Work to complete:
Find the line in the entries below that contains "(* Adding independent". Repeat it exactly, and every line after it through the line that contains "(a : 'I_m.+1 -> CR)".

Material for this task:
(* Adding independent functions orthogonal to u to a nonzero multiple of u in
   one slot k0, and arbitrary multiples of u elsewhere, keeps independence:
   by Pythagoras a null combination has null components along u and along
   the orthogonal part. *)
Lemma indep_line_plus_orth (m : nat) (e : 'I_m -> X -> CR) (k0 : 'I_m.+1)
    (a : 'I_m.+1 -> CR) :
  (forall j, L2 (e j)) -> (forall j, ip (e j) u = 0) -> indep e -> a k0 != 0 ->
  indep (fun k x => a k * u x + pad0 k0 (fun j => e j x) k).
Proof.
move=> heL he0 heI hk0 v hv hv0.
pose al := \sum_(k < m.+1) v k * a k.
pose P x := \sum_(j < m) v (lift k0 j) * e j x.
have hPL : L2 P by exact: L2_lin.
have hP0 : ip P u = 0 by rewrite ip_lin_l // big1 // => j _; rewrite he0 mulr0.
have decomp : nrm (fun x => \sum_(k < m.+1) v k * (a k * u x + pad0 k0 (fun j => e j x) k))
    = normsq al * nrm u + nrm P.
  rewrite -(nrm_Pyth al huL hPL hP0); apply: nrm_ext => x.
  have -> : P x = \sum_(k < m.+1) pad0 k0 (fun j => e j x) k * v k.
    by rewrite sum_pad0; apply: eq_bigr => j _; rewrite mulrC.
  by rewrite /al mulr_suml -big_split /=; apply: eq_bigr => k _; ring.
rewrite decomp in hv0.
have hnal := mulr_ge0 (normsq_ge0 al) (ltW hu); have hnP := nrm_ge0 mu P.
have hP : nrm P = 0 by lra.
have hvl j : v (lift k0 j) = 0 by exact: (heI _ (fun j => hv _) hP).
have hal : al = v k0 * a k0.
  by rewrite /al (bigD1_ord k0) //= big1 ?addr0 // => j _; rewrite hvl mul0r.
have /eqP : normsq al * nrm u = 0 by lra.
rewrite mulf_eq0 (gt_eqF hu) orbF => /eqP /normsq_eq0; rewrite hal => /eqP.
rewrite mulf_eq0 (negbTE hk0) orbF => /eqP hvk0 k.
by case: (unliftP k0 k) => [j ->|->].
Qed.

--

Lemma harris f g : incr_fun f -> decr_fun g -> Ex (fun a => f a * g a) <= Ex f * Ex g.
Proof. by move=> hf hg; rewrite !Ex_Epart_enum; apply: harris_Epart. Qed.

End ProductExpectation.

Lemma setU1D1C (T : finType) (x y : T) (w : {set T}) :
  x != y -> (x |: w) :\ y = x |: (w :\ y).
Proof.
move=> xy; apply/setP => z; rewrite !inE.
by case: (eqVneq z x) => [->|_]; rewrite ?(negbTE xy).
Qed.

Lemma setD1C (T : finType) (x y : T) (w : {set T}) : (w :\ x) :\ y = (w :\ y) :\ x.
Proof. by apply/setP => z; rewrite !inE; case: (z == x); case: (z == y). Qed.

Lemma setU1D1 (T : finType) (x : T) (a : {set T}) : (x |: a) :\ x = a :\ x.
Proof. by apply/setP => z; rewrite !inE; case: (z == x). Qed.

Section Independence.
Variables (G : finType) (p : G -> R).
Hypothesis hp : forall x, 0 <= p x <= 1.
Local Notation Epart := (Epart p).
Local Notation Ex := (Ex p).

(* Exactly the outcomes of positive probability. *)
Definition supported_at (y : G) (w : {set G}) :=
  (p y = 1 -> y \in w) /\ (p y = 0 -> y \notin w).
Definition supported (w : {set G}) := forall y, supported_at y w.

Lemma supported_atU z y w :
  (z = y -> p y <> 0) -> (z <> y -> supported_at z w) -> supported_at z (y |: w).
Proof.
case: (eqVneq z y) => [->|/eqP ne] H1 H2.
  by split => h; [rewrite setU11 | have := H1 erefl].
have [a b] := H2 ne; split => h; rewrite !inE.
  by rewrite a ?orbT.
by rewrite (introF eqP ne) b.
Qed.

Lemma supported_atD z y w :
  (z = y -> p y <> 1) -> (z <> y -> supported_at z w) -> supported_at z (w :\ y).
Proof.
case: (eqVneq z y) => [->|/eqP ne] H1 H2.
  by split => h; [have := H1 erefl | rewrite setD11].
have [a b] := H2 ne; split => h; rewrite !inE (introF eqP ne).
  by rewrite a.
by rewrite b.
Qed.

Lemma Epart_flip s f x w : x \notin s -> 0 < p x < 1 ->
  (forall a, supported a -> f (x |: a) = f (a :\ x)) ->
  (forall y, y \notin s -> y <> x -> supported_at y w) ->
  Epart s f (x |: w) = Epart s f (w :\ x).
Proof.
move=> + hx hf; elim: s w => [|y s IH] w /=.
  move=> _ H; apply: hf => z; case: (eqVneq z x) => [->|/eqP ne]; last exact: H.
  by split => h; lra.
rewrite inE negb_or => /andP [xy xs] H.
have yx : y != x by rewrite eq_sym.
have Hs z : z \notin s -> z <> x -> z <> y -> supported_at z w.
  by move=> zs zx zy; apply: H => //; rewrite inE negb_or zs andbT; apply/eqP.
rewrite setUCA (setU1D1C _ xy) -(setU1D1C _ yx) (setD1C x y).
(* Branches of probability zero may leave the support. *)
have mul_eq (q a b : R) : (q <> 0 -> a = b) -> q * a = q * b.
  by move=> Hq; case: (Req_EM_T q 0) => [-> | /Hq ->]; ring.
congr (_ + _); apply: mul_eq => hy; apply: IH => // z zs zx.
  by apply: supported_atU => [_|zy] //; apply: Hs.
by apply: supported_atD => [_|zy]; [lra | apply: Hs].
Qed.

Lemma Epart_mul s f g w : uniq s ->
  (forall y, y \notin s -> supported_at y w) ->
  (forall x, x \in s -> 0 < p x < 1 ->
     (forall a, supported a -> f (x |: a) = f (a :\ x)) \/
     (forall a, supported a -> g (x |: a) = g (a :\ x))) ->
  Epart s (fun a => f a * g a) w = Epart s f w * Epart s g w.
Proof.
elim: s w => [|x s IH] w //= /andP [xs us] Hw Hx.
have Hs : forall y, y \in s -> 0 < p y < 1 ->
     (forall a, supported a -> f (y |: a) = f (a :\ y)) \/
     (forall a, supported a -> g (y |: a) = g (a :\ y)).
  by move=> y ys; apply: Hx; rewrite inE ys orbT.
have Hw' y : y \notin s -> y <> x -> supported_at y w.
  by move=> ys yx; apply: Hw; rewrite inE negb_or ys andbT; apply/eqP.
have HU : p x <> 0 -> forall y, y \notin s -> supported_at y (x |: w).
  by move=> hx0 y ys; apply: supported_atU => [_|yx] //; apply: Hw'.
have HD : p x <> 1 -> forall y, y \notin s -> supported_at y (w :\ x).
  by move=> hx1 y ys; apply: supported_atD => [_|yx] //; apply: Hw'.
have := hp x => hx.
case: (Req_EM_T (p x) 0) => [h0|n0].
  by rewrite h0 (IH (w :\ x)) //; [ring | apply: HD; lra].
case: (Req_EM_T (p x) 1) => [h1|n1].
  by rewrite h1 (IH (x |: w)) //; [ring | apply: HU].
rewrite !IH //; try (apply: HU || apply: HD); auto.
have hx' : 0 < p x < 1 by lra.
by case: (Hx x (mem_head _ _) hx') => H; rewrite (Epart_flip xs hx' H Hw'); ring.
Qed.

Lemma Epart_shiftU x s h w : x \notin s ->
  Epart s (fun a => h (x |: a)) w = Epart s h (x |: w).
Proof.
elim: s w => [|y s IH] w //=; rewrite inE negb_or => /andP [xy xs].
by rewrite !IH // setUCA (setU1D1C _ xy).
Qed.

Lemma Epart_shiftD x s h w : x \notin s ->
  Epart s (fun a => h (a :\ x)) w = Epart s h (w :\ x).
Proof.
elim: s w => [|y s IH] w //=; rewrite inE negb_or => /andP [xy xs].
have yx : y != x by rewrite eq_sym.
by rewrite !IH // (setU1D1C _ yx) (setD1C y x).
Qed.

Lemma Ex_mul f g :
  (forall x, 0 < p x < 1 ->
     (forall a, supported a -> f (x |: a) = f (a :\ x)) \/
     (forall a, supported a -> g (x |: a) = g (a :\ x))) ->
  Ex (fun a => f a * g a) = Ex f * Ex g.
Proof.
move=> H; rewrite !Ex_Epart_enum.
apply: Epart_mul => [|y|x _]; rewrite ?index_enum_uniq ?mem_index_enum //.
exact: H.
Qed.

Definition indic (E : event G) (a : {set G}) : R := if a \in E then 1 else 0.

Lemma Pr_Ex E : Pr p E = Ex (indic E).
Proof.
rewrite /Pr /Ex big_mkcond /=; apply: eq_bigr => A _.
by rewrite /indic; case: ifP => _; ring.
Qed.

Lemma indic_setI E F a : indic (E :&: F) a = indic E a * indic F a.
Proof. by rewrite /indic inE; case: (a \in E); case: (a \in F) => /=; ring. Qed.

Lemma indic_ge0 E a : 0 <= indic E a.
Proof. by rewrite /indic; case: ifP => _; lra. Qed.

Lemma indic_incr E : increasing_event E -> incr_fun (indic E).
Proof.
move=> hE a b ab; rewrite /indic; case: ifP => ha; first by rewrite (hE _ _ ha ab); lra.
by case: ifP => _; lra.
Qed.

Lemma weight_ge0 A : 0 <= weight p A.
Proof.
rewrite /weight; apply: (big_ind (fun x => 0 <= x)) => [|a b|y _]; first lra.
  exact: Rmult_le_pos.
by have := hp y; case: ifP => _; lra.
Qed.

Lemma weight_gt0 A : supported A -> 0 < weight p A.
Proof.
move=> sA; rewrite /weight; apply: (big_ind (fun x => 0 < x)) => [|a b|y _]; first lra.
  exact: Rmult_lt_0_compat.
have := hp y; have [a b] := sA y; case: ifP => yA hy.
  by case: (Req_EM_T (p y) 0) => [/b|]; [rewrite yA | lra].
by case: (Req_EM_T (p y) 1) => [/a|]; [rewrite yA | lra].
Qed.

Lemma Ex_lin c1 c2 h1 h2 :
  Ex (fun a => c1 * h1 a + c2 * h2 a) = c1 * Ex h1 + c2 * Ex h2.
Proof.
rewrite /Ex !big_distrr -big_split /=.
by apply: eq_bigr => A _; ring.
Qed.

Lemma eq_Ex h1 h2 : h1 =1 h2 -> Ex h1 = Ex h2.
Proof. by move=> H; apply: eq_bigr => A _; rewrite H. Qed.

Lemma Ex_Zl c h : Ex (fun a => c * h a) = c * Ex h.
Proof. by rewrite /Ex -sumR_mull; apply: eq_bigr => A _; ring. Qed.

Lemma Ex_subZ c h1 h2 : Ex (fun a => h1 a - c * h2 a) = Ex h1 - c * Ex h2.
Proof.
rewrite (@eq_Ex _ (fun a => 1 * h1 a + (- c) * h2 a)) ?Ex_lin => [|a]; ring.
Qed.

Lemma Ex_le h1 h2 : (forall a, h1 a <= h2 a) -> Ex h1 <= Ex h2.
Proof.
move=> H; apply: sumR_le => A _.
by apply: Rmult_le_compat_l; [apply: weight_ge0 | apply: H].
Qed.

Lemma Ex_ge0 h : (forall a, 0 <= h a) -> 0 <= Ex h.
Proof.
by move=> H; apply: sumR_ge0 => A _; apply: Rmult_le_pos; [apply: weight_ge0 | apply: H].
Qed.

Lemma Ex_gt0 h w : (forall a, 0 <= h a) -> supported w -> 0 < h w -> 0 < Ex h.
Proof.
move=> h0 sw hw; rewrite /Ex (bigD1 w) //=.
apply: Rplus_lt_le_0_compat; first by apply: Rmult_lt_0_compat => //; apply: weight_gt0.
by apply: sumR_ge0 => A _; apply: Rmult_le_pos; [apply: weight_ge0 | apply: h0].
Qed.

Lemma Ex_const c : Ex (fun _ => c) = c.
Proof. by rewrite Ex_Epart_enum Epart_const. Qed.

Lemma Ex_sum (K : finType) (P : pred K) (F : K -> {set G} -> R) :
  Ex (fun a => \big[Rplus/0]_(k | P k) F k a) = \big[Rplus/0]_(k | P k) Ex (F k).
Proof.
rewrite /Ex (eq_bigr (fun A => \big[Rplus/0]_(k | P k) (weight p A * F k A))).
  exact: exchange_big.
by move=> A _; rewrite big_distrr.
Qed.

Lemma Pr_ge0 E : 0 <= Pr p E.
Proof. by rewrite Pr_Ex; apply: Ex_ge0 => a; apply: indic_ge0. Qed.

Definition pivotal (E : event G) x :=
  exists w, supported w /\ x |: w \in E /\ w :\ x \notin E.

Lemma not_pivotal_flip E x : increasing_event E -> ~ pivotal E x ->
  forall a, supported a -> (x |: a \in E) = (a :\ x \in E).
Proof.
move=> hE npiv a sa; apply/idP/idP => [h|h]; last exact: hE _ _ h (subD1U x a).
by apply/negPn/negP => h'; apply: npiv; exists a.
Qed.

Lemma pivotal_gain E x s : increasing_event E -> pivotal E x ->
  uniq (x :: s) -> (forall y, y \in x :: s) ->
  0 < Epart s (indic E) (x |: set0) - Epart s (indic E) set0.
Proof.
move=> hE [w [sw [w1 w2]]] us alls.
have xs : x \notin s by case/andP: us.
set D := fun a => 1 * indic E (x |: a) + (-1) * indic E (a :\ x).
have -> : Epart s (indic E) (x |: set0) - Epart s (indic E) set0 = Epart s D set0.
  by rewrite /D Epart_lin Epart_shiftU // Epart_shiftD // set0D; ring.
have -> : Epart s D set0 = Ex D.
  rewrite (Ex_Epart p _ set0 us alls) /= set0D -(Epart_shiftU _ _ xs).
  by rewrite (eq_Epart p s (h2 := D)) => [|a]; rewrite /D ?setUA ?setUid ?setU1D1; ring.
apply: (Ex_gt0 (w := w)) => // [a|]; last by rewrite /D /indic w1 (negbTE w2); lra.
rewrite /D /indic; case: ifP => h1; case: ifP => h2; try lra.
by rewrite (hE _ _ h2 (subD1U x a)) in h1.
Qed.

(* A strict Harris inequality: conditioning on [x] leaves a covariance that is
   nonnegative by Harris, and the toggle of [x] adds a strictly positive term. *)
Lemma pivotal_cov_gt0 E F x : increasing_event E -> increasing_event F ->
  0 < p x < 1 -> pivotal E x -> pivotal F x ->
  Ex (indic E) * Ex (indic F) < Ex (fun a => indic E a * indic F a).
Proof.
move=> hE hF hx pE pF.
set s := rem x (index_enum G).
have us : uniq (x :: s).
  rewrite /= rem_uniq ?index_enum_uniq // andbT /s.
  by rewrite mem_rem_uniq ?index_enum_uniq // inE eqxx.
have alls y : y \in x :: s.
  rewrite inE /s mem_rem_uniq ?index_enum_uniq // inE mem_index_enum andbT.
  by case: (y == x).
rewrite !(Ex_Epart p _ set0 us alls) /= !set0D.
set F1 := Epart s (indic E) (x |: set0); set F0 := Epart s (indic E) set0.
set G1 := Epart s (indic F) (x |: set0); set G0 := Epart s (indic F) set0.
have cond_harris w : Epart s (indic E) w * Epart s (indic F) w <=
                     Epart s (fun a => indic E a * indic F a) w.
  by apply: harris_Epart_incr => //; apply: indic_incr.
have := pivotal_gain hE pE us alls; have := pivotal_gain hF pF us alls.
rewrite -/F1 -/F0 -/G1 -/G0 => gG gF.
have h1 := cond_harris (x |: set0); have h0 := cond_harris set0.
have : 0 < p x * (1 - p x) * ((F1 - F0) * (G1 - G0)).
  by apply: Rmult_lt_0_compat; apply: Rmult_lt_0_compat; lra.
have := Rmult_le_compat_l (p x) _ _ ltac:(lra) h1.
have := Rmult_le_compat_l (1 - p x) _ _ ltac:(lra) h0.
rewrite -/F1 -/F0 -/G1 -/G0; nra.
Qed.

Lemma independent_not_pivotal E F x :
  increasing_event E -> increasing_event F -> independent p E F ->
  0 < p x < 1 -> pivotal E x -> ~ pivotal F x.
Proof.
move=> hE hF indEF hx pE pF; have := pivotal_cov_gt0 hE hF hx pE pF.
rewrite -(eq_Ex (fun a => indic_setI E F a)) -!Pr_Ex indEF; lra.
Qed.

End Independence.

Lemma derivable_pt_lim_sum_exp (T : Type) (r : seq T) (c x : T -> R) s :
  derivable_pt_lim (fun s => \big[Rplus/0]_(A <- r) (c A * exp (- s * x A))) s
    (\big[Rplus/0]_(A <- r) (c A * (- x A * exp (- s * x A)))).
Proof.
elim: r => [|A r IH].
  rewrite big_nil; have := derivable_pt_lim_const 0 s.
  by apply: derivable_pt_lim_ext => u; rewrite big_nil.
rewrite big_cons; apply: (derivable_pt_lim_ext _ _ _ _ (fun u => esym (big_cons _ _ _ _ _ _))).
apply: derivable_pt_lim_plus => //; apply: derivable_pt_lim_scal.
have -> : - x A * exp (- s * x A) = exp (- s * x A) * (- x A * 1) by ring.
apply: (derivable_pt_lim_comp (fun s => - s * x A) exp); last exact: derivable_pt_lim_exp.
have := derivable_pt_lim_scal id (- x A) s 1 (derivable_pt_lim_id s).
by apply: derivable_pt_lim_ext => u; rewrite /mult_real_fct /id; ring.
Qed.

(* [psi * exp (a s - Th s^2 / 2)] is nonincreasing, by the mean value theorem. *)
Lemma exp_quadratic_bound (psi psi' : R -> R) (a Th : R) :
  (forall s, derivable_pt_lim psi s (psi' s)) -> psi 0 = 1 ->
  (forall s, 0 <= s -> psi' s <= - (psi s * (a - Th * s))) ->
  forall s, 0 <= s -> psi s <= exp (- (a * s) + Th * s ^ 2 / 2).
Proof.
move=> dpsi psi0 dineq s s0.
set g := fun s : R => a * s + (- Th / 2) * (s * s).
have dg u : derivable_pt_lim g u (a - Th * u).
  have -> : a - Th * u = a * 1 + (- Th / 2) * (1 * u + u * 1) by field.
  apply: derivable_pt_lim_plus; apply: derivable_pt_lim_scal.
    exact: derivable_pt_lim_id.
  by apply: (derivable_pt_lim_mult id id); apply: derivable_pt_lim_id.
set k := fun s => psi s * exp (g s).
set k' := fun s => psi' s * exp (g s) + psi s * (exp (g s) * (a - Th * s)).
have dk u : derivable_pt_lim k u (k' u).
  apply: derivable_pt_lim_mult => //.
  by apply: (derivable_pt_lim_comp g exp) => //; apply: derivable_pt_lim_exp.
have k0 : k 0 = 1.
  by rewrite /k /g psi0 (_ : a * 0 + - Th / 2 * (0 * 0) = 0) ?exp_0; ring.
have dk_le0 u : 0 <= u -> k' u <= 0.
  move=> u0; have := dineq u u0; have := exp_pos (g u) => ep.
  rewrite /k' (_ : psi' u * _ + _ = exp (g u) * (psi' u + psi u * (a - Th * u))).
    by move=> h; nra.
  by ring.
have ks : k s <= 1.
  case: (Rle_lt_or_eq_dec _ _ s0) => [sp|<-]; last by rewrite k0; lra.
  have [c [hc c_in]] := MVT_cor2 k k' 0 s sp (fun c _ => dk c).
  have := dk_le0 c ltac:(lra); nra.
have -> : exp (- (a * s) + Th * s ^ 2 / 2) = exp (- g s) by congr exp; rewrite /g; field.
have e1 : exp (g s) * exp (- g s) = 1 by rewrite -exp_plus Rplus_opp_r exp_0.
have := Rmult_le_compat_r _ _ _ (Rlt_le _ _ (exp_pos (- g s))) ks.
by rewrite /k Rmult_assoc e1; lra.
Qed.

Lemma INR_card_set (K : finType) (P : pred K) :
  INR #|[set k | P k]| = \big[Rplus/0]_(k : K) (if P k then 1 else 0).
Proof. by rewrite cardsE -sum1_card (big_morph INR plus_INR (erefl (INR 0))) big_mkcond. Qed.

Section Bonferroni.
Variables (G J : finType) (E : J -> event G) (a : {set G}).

Response:
(* Adding independent functions orthogonal to u to a nonzero multiple of u in
   one slot k0, and arbitrary multiples of u elsewhere, keeps independence:
   by Pythagoras a null combination has null components along u and along
   the orthogonal part. *)
Lemma indep_line_plus_orth (m : nat) (e : 'I_m -> X -> CR) (k0 : 'I_m.+1)
    (a : 'I_m.+1 -> CR) :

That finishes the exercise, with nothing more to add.